Novas Oportunidades para Contribuições na Logística Reversa
O prazo para o envio de contribuições referente à consulta pública que visa implementar a política estadual de logística reversa em São Paulo foi estendido até o dia 27 de fevereiro. Esta ação, promovida pelo Governo de São Paulo através da Secretaria de Meio Ambiente, Infraestrutura e Logística (Semil), tem como objetivo ampliar o diálogo com a população e aprimorar as diretrizes que regulamentam a responsabilidade pelo retorno e a destinação apropriada de produtos e resíduos no estado.
A Tomada de Subsídios é uma ferramenta de participação social que antecede a criação de normas. Ela permite a coleta de contribuições, opiniões e sugestões sobre temas que estão sendo estudados ou aprimorados. Neste caso, a consulta está vinculada ao processo de regulamentação da logística reversa, possibilitando que as propostas sejam qualificadas a partir das opiniões recebidas.
Entendendo a Logística Reversa
Em conformidade com a Lei Federal nº 12.305/2010, que estabelece a Política Nacional de Resíduos Sólidos (PNRS), a logística reversa envolve uma série de ações e procedimentos destinados à coleta e devolução dos resíduos sólidos ao setor empresarial. O objetivo é possibilitar o reaproveitamento desses materiais em seus ciclos produtivos ou em outros processos, ou ainda encaminhá-los para uma destinação final ambientalmente adequada.
Na prática, a implementação de sistemas de logística reversa abrange diversas atividades, como coleta, reutilização, reciclagem, tratamento e disposição final dos resíduos gerados após o consumo de produtos e embalagens. Essas ações são fundamentais para minimizar os impactos ambientais e promover um uso mais consciente dos recursos disponíveis.
Responsabilidades na Logística Reversa
A proposta em discussão busca estabelecer as responsabilidades de todos os membros do sistema de logística reversa, alinhando-se ao princípio da responsabilidade compartilhada ao longo do ciclo de vida dos produtos, conforme delineado na PNRS. Fabricantes, importadores, distribuidores e comerciantes são convocados a se integrar para reduzir a geração de resíduos e desenvolver produtos e embalagens que incentivem a reciclabilidade e reutilização. Além disso, devem promover o reaproveitamento de resíduos pós-consumo em seus ciclos produtivos e assegurar a implementação coordenada dos sistemas de logística reversa em toda a cadeia produtiva.
Além disso, a responsabilidade pela logística reversa se estende também a distribuidores e comerciantes de bens de consumo que atuam no estado de São Paulo. Essa exigência se aplica a produtos e embalagens que possam ser reinseridos nos ciclos produtivos ou que apresentem riscos à saúde pública e ao meio ambiente, reforçando assim o princípio da responsabilidade compartilhada durante todo o ciclo de vida dos produtos.

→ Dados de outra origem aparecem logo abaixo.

(* For integers $a,b\ge0$ let $c_{a,b}=c_{a,b}^{a+b+1}$. Then (1) $c_{a,b}\in\mathbb Z[\tfrac12]$; (2) $c_{a,b}-c_{b,a}\in2\mathbb Z$; (3) $\nu_2(c_{a+b,0})=\nu_2(c_{0,a+b})\le\nu_2(c_{a,b})\le0$.
   Context: For integers $a,b,r\ge0$, $c_{a,b}^r=2(-1)^r\Big(\binom{2r}{2b+2}-(1-2^{-2r})\binom{2r}{2a+1}\Big)$ (binomial coefficients $\binom nk=0$ if $k>n$). $\nu_2$ is the $2$-adic valuation on $\mathbb Q$, with $\nu_2(0)=\infty$. *)

From mathcomp Require Import all_boot all_order all_algebra.
Set Implicit Arguments. Unset Strict Implicit. Unset Printing Implicit Defensive.
Import Order.TTheory GRing.Theory Num.Theory.
Local Open Scope ring_scope.

Definition cr (a b r : nat) : rat :=
  2 * (-1) ^+ r * ('C(2 * r, 2 * b + 2)%:R
                   - (1 - ((2 : rat) ^+ (2 * r))^-1) * 'C(2 * r, 2 * a + 1)%:R).

Definition c (a b : nat) : rat := cr a b (a + b + 1).

Definition in_Zhalf (q : rat) : Prop :=
  exists (z : int) (k : nat), q = z%:~R / (2 : rat) ^+ k.

Definition in_2Z (q : rat) : Prop := exists z : int, q = (2 * z)%:~R.

(* 2-adic valuation on Q; None stands for +infinity (value at 0) *)
Definition nu2 (q : rat) : option int :=
  if q == 0 then None
  else Some ((logn 2 `|numq q|)%:Z - (logn 2 `|denq q|)%:Z).

Definition le_ext (x y : option int) : bool :=
  match x, y with
  | _, None => true
  | None, Some _ => false
  | Some m, Some n => (m <= n)%R
  end.

From mathcomp Require Import all_boot all_order all_algebra zify ring.
Import Order.TTheory GRing.Theory Num.Theory.
Local Open Scope ring_scope.

(* Write ['C(2r, 2a+1) = w 2^v] with [w] odd; as ['C(2r, k) < 2^(2r)] for
   [k > 0], [v < 2r].  Then
   [c^r_{a,b} = (-1)^r (2 ('C(2r, 2b+2) - 'C(2r, 2a+1)) + w / 2^(2r-1-v))]
   is an odd integer over [2^(2r-1-v)], so it lies in Z[1/2] with valuation
   [v - (2r-1) <= 0].  For [r = a+b+1] the symmetry
   ['C(2r, 2b+1) = 'C(2r, 2a+1)] makes the fractional parts of [c_{a,b}] and
   [c_{b,a}] cancel, and the valuation is smallest when [v] is, i.e. for
   [a = 0] or [b = 0]: the identity [2r 'C(2r-1, 2a) = (2a+1) 'C(2r, 2a+1)]
   shows that [2r] divides ['C(2r, 2a+1)] up to an odd factor. *)

Lemma bin_lt_exp2 (n k : nat) : (0 < k)%N -> ('C(n, k) < 2 ^ n)%N.
Proof.
elim: n k => [|n IHn] [|[|k]] // _.
- by rewrite bin1 expnS; have := IHn 1%N isT; rewrite bin1; lia.
- by rewrite binS expnS; have := IHn k.+2 isT; have := IHn k.+1 isT; lia.
Qed.

Lemma logn_le_logn_bin (p n k : nat) :
  prime p -> (0 < k <= n)%N -> coprime p k -> (logn p n <= logn p 'C(n, k))%N.
Proof.
move=> p_pr /andP[k_gt0 le_kn] co_pk.
have n_gt0 : (0 < n)%N by apply: leq_trans le_kn.
rewrite -pfactor_dvdn ?bin_gt0 //.
have n_dvd : (n %| k * 'C(n, k))%N.
  by rewrite -(prednK k_gt0) -mul_bin_diag dvdn_mulr.
rewrite -(@Gauss_dvdr _ k); first exact: dvdn_trans (pfactor_dvdnn p n) n_dvd.
by rewrite coprimeXl.
Qed.

Lemma bin_odd_sym (a b : nat) :
  'C(2 * (a + b + 1), 2 * b + 1) = 'C(2 * (a + b + 1), 2 * a + 1).
Proof.
rewrite -[in RHS]bin_sub; last lia.
by congr 'C(_, _); lia.
Qed.

Lemma nu2_odd_div_exp2 (o : int) (k : nat) :
  odd `|o| -> nu2 (o%:~R / 2 ^+ k) = Some (- k%:Z).
Proof.
move=> o_odd.
have o_neq0 : o != 0 by apply: contraTneq o_odd => ->.
have pow2E : (2 : rat) ^+ k = (2 ^ k)%N%:Z%:~R by rewrite -pmulrn natrX.
have co : coprime `|o| `|(2 ^ k)%N%:Z|.
  by rewrite absz_nat coprime_sym coprimeXl ?coprime2n.
rewrite /nu2 pow2E coprimeq_num // coprimeq_den //.
rewrite mulf_eq0 invr_eq0 !intr_eq0 (negbTE o_neq0) eqz_nat expn_eq0 /=.
rewrite gtr0_sg ?ltz_nat ?expn_gt0 // mul1r pfactorK //.
by rewrite logn_coprime ?sub0r // coprime2n.
Qed.

(* [2r-1-v] in the notation above: minus the valuation of [cr a b r]. *)
Definition cr_exp (a r : nat) : nat :=
  ((2 * r).-1 - logn 2 'C(2 * r, 2 * a + 1))%N.

Lemma cr_odd_repr (a b r : nat) : (a < r)%N ->
  exists2 o : int, odd `|o| & cr a b r = o%:~R / 2 ^+ cr_exp a r.
Proof.
move=> lt_ar.
set m := 'C(2 * r, 2 * a + 1); set v := logn 2 m; set k := cr_exp a r.
have m_gt0 : (0 < m)%N by rewrite bin_gt0; lia.
have [w w_odd mE] := pfactor_coprime (isT : prime 2) m_gt0.
rewrite coprime2n -/v in w_odd mE.
have lt_v2r : (v < 2 * r)%N.
  rewrite -(@ltn_exp2l 2) //; apply: (@leq_ltn_trans m); last first.
    by apply: bin_lt_exp2; rewrite addn1.
  by rewrite [leqRHS]mE leq_pmull // lt0n; apply: contraTneq w_odd => ->.
have rE : (2 * r = k.+1 + v)%N by rewrite /k /cr_exp -/m -/v; lia.
exists ((-1) ^+ r * (2 * (2 ^+ k * ('C(2 * r, 2 * b + 2)%:Z - m%:Z)) + w%:Z)).
  rewrite abszMsign; move: (2 ^+ k * _) => e.
  have : (`|(2 * e + w%:Z)%R| %% 2 = 1)%N by have := modn2 w; rewrite w_odd; lia.
  by rewrite modn2; case: odd.
rewrite /cr -/m !(intrM, intrD, intrB, intrN) intr_sign rmorphXn /= -!pmulrn.
rewrite mE !natrM !natrX rE exprD exprS.
field.
by rewrite !expf_neq0.
Qed.

Lemma cr_in_Zhalf (a b r : nat) : (a < r)%N -> in_Zhalf (cr a b r).
Proof. by move=> /(@cr_odd_repr a b r) [o _ ->]; exists o, (cr_exp a r). Qed.

Lemma nu2_cr (a b r : nat) :
  (a < r)%N -> nu2 (cr a b r) = Some (- (cr_exp a r)%:Z).
Proof. by move=> /(@cr_odd_repr a b r) [o o_odd ->]; rewrite nu2_odd_div_exp2. Qed.

Lemma c_sub_swap_in_2Z (a b : nat) : in_2Z (c a b - c b a).
Proof.
rewrite /c /cr [(b + a)%N]addnC bin_odd_sym.
set r := (a + b + 1)%N.
exists ((-1) ^+ r * ('C(2 * r, 2 * b + 2)%:Z - 'C(2 * r, 2 * a + 2)%:Z)).
rewrite !(intrM, intrB) intr_sign -!pmulrn.
ring.
Qed.

Lemma cr_exp_sym (a b : nat) : cr_exp b (a + b + 1) = cr_exp a (a + b + 1).
Proof. by rewrite /cr_exp bin_odd_sym. Qed.

Lemma cr_exp_le (a r : nat) : (a < r)%N -> (cr_exp a r <= cr_exp 0 r)%N.
Proof.
move=> lt_ar.
have : (logn 2 (2 * r) <= logn 2 'C(2 * r, 2 * a + 1))%N.
  apply: logn_le_logn_bin => //; first by apply/andP; split; lia.
  by rewrite coprime2n addn1 /= oddM.
by rewrite /cr_exp muln0 add0n bin1; lia.
Qed.

Theorem mainTheorem9 (a b : nat) :
  in_Zhalf (c a b) /\
  in_2Z (c a b - c b a) /\
  (nu2 (c (a + b) 0) = nu2 (c 0 (a + b)) /\
   le_ext (nu2 (c 0 (a + b))) (nu2 (c a b)) /\
   le_ext (nu2 (c a b)) (Some 0)).
Proof.
have lt_a : (a < a + b + 1)%N by lia.
have lt_ab : (a + b < a + b + 1)%N by lia.
have lt_0 : (0 < a + b + 1)%N by lia.
rewrite /c add0n addn0 !nu2_cr //.
split; first exact: cr_in_Zhalf.
split; first exact: c_sub_swap_in_2Z.
have := cr_exp_sym 0 (a + b); rewrite add0n => ->.
by rewrite /= lerN2 lez_nat oppr_le0 cr_exp_le.
Qed.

Participação da Sociedade Civil
Para Cristiano Kenji, subsecretário de Recursos Hídricos e Saneamento da Semil, a consulta pública é um passo crucial na construção de uma política moderna e eficaz. “Essa tomada de subsídios é uma chance de criar, de modo participativo, normas que sejam mais simples, transparentes e eficientes para a logística reversa em São Paulo. Queremos ouvir aqueles que estão na linha de frente – produtores, consumidores e gestores de resíduos – para elaborar um regramento que realmente atenda à realidade paulista”, declarou.

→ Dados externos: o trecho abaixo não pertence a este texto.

Lemma sum_by_card (T : finType) (P : pred {set T}) (F : {set T} -> nat) m :
  \sum_(X | P X && (#|X| < m)) F X = \sum_(k < m) \sum_(X | P X && (#|X| == k)) F X.
Proof.
elim: m => [|m IH]; first by rewrite big_ord0 big_pred0 // => X; rewrite andbF.
rewrite (bigID (fun X : {set T} => #|X| < m)) big_ord_recr -IH /=.
by congr (_ + _); apply: eq_bigl => X; rewrite ltnS; case: (P X); case: ltngtP.
Qed.

Lemma leq_bin_half m j k : j <= k -> 2 * k <= m -> 'C(m, j) <= 'C(m, k).
Proof.
elim: k => [|k IH]; first by rewrite leqn0 => /eqP->.
rewrite leq_eqVlt ltnS => /orP[/eqP-> //|jk] km.
apply: leq_trans (IH jk _) _; first lia.
rewrite -(leq_pmul2l (ltn0Sn k)) mul_bin_left leq_mul2r; apply/orP; right; lia.
Qed.

Lemma leq_bin_between m j k : j <= k <= m - j -> 'C(m, j) <= 'C(m, k).
Proof.
move=> /andP[jk km]; have [half|] := leqP (2 * k) m; first exact: leq_bin_half.
move=> mk; rewrite -[leqRHS](@bin_sub m k); last lia.
apply: leq_bin_half; lia.
Qed.

Lemma bin3n_step k : 'C(3 * k.+1, k.+1) * (k.+1 * (2 * k).+1 * (2 * k).+2) =
                     'C(3 * k, k) * ((3 * k).+1 * (3 * k).+2 * (3 * k).+3).
Proof.
have binF m : 'C(3 * m, m) * (m`! * (2 * m)`!) = (3 * m)`!.
  rewrite -(@bin_fact (3 * m) m); last lia.
  by rewrite (_ : 3 * m - m = 2 * m) //; lia.
apply/eqP; rewrite -(eqn_pmul2r (_ : 0 < k`! * (2 * k)`!)); last first.
  by rewrite muln_gt0 !fact_gt0.
have := binF k.+1; rewrite (_ : 3 * k.+1 = (3 * k).+3); last lia.
rewrite (_ : 2 * k.+1 = (2 * k).+2); last lia.
rewrite !factS -binF => e; apply/eqP; move: e.
by move: ('C(_, _)) ('C(_, _)) (k`!) ((2 * k)`!) => c c' a b; lia.
Qed.

Lemma bin3n_lower n : 6 ^ n <= 3 * 'C(3 * n, n).
Proof.
have [|n4] := leqP n 4; first by case: n => [|[|[|[|[|]]]]].
elim: n n4 => // k IH k4.
have le6k : 6 ^ k <= 3 * 'C(3 * k, k).
  by move: k4; rewrite ltnS leq_eqVlt => /orP[/eqP<- //|/IH].
rewrite expnS (leq_trans (leq_mul (leqnn 6) le6k)) // mulnCA leq_mul2l /=.
rewrite -(@leq_pmul2r (k.+1 * (2 * k).+1 * (2 * k).+2)) // bin3n_step mulnAC mulnC.
by rewrite leq_mul2l; apply/orP; right; nia.
Qed.

Lemma n_pow4_le_pow6 n : n * 4 ^ n <= 6 ^ n.
Proof.
elim: n => // n IH; rewrite !expnS.
have [n1|n2] := leqP n 1; first by case: n n1 {IH} => [|[]].
by move: IH; move: (4 ^ n) (6 ^ n) => a b; nia.
Qed.

Lemma bin3n_large n : n * 2 ^ n.+1 * 2 ^ n.+1 <= 12 * 'C(3 * n, n).
Proof.
rewrite -mulnA -expnD addnn -mul2n expnM (_ : 2 ^ 2 = 4) // expnS.
by have := n_pow4_le_pow6 n; have := bin3n_lower n; lia.
Qed.

Lemma bin_ratio p q m j : p <= q -> 'C(p * m, j) * q ^ j <= 'C(q * m, j) * p ^ j.
Proof.
move=> pq; elim: j => [|j IH]; first by rewrite !bin0.
rewrite -(leq_pmul2l (ltn0Sn j)) !expnS !mulnA (mul_bin_left (p * m)) (mul_bin_left (q * m)).
have h : q * (p * m - j) <= p * (q * m - j).
  by rewrite !mulnBr mulnCA mulnA leq_sub2l // leq_mul2r pq orbT.
by move: (leq_mul h IH); rewrite !mulnA; lia.
Qed.

Lemma cube_pow_le j : j.+2 ^ 3 * 2 ^ j <= 50 * 3 ^ j.
Proof.
elim: j => // j IH; have [j4|j5] := leqP j 4; first by case: j j4 {IH} => [|[|[|[|[|]]]]].
rewrite !expnS; move: IH; rewrite !expnS expn0 !muln1.
by move: (2 ^ j) (3 ^ j) => y x; nia.
Qed.

Lemma small_ratio n j : j < n -> j.+1 * 'C(2 * n, j) * n ^ 2 <= 13 * 'C(3 * n, j.+2).
Proof.
move=> jn.
have ratio := @bin_ratio 2 3 n j isT.
have shift : 'C(3 * n, j.+2) * (j.+2 * j.+1) = 'C(3 * n, j) * ((3 * n - j.+1) * (3 * n - j)).
  transitivity (j.+1 * (j.+2 * 'C(3 * n, j.+2))); first lia.
  by rewrite mul_bin_left mulnCA mul_bin_left mulnA mulnC.
have far : 4 * n ^ 2 <= (3 * n - j.+1) * (3 * n - j).
  by rewrite (_ : 4 * n ^ 2 = (2 * n) * (2 * n)) ?leq_mul //; [lia..|rewrite mulnACA].
have cube := cube_pow_le j; have x_gt0 : 0 < 3 ^ j by rewrite expn_gt0.
move: ratio shift far cube x_gt0.
move: ('C(2 * n, j)) ('C(3 * n, j)) ('C(3 * n, j.+2)) (3 ^ j) (2 ^ j) (n ^ 2) => a b c x y N.
move: ((3 * n - j.+1) * (3 * n - j)) => Q ratio shift far cube x_gt0.
(* (j+1) C(2n,j) n^2 4 3^j <= (j+1) C(3n,j) 2^j (3n-j-1)(3n-j)
                           = (j+1)^2 (j+2) C(3n,j+2) 2^j <= 50 3^j C(3n,j+2) *)
have le_ratio : j.+1 * a * N * (4 * x) <= j.+1 * (b * y) * Q.
  by apply: leq_trans (leq_mul (leq_mul (leqnn j.+1) ratio) far); lia.
have le_cube : j.+1 * (b * y) * Q <= 50 * x * c.
  have cube_c := leq_mul cube (leqnn c).
  have le_j : j.+1 * j.+1 * j.+2 * (y * c) <= j.+2 ^ 3 * (y * c).
    by rewrite leq_mul2r !expnS expn0 muln1; apply/orP; right; nia.
  have -> : j.+1 * (b * y) * Q = j.+1 * y * (b * Q) by lia.
  rewrite -shift; lia.
have : j.+1 * a * N * 4 <= 50 * c by rewrite -(leq_pmul2r x_gt0); lia.
lia.
Qed.

Lemma card_small_sets (T : finType) j : 2 * j <= #|T| ->
  #|[set A : {set T} | #|A| <= j]| <= j.+1 * 'C(#|T|, j).
Proof.
move=> le_jT; have cover : [set A : {set T} | #|A| <= j] \subset
                           \bigcup_(d < j.+1) [set A : {set T} | #|A| == d].
  apply/subsetP => A; rewrite inE -ltnS => lt_A.
  by apply/bigcupP; exists (Ordinal lt_A); rewrite ?inE.
apply: leq_trans (subset_leq_card cover) (leq_trans (card_bigcup_le _ _) _).
rewrite -[j.+1 in leqRHS]card_ord -sum_nat_const; apply: leq_sum => d _.
by rewrite card_draws leq_bin_half // -ltnS.
Qed.

Lemma card_pairs_small_sets (T1 T2 : finType) j :
  #|[set B : {set T1} | 2 * #|B| <= j]| * #|[set B : {set T2} | 2 * #|B| <= j]| <=
  #|[set A : {set T1 + T2} | #|A| <= j]|.
Proof.
pose join (p : {set T1} * {set T2}) := inl @: p.1 :|: inr @: p.2.
have join_inj : injective join.
  apply: (can_inj (g := fun A : {set T1 + T2} => (inl @^-1: A, inr @^-1: A))) => -[B1 B2].
  congr pair; apply/setP => x; rewrite !inE mem_imset; try by move=> ? ? [].
    by rewrite orbC; case: imsetP => // -[].
  by case: imsetP => // -[].
rewrite -cardsX -(card_imset _ join_inj); apply/subset_leq_card/subsetP => A /imsetP[[B1 B2]].
rewrite !inE /= => /andP[le_B1 le_B2] ->; rewrite (leq_trans (leq_card_setU _ _)) //.
by rewrite (leq_trans (leq_add (leq_imset_card _ _) (leq_imset_card _ _))) //=; lia.
Qed.

Section PermImage.
Variable T : finType.
Implicit Types X Y : {set T}.

Lemma card_permT : #|{perm T}| = #|T|`!.
Proof.
rewrite -cardsT -card_perm; apply: eq_card => s.
by rewrite !inE; apply/esym/subsetP => x _; rewrite inE.
Qed.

Como Enviar suas Sugestões
As contribuições devem ser enviadas exclusivamente através do formulário eletrônico acessível no site da Semil. Os participantes precisam informar seu nome, contato e, se aplicável, a entidade que representam. O formulário dispõe de um espaço para sugestões, com limite de mil caracteres, destinado ao envio de ideias e opiniões relacionadas especificamente à logística reversa no Estado de São Paulo.
Uma vez enviado, o participante receberá um número de protocolo pelo e-mail cadastrado. Somente as contribuições que atenderem às regras estabelecidas e que possuírem protocolo válido serão consideradas na consulta.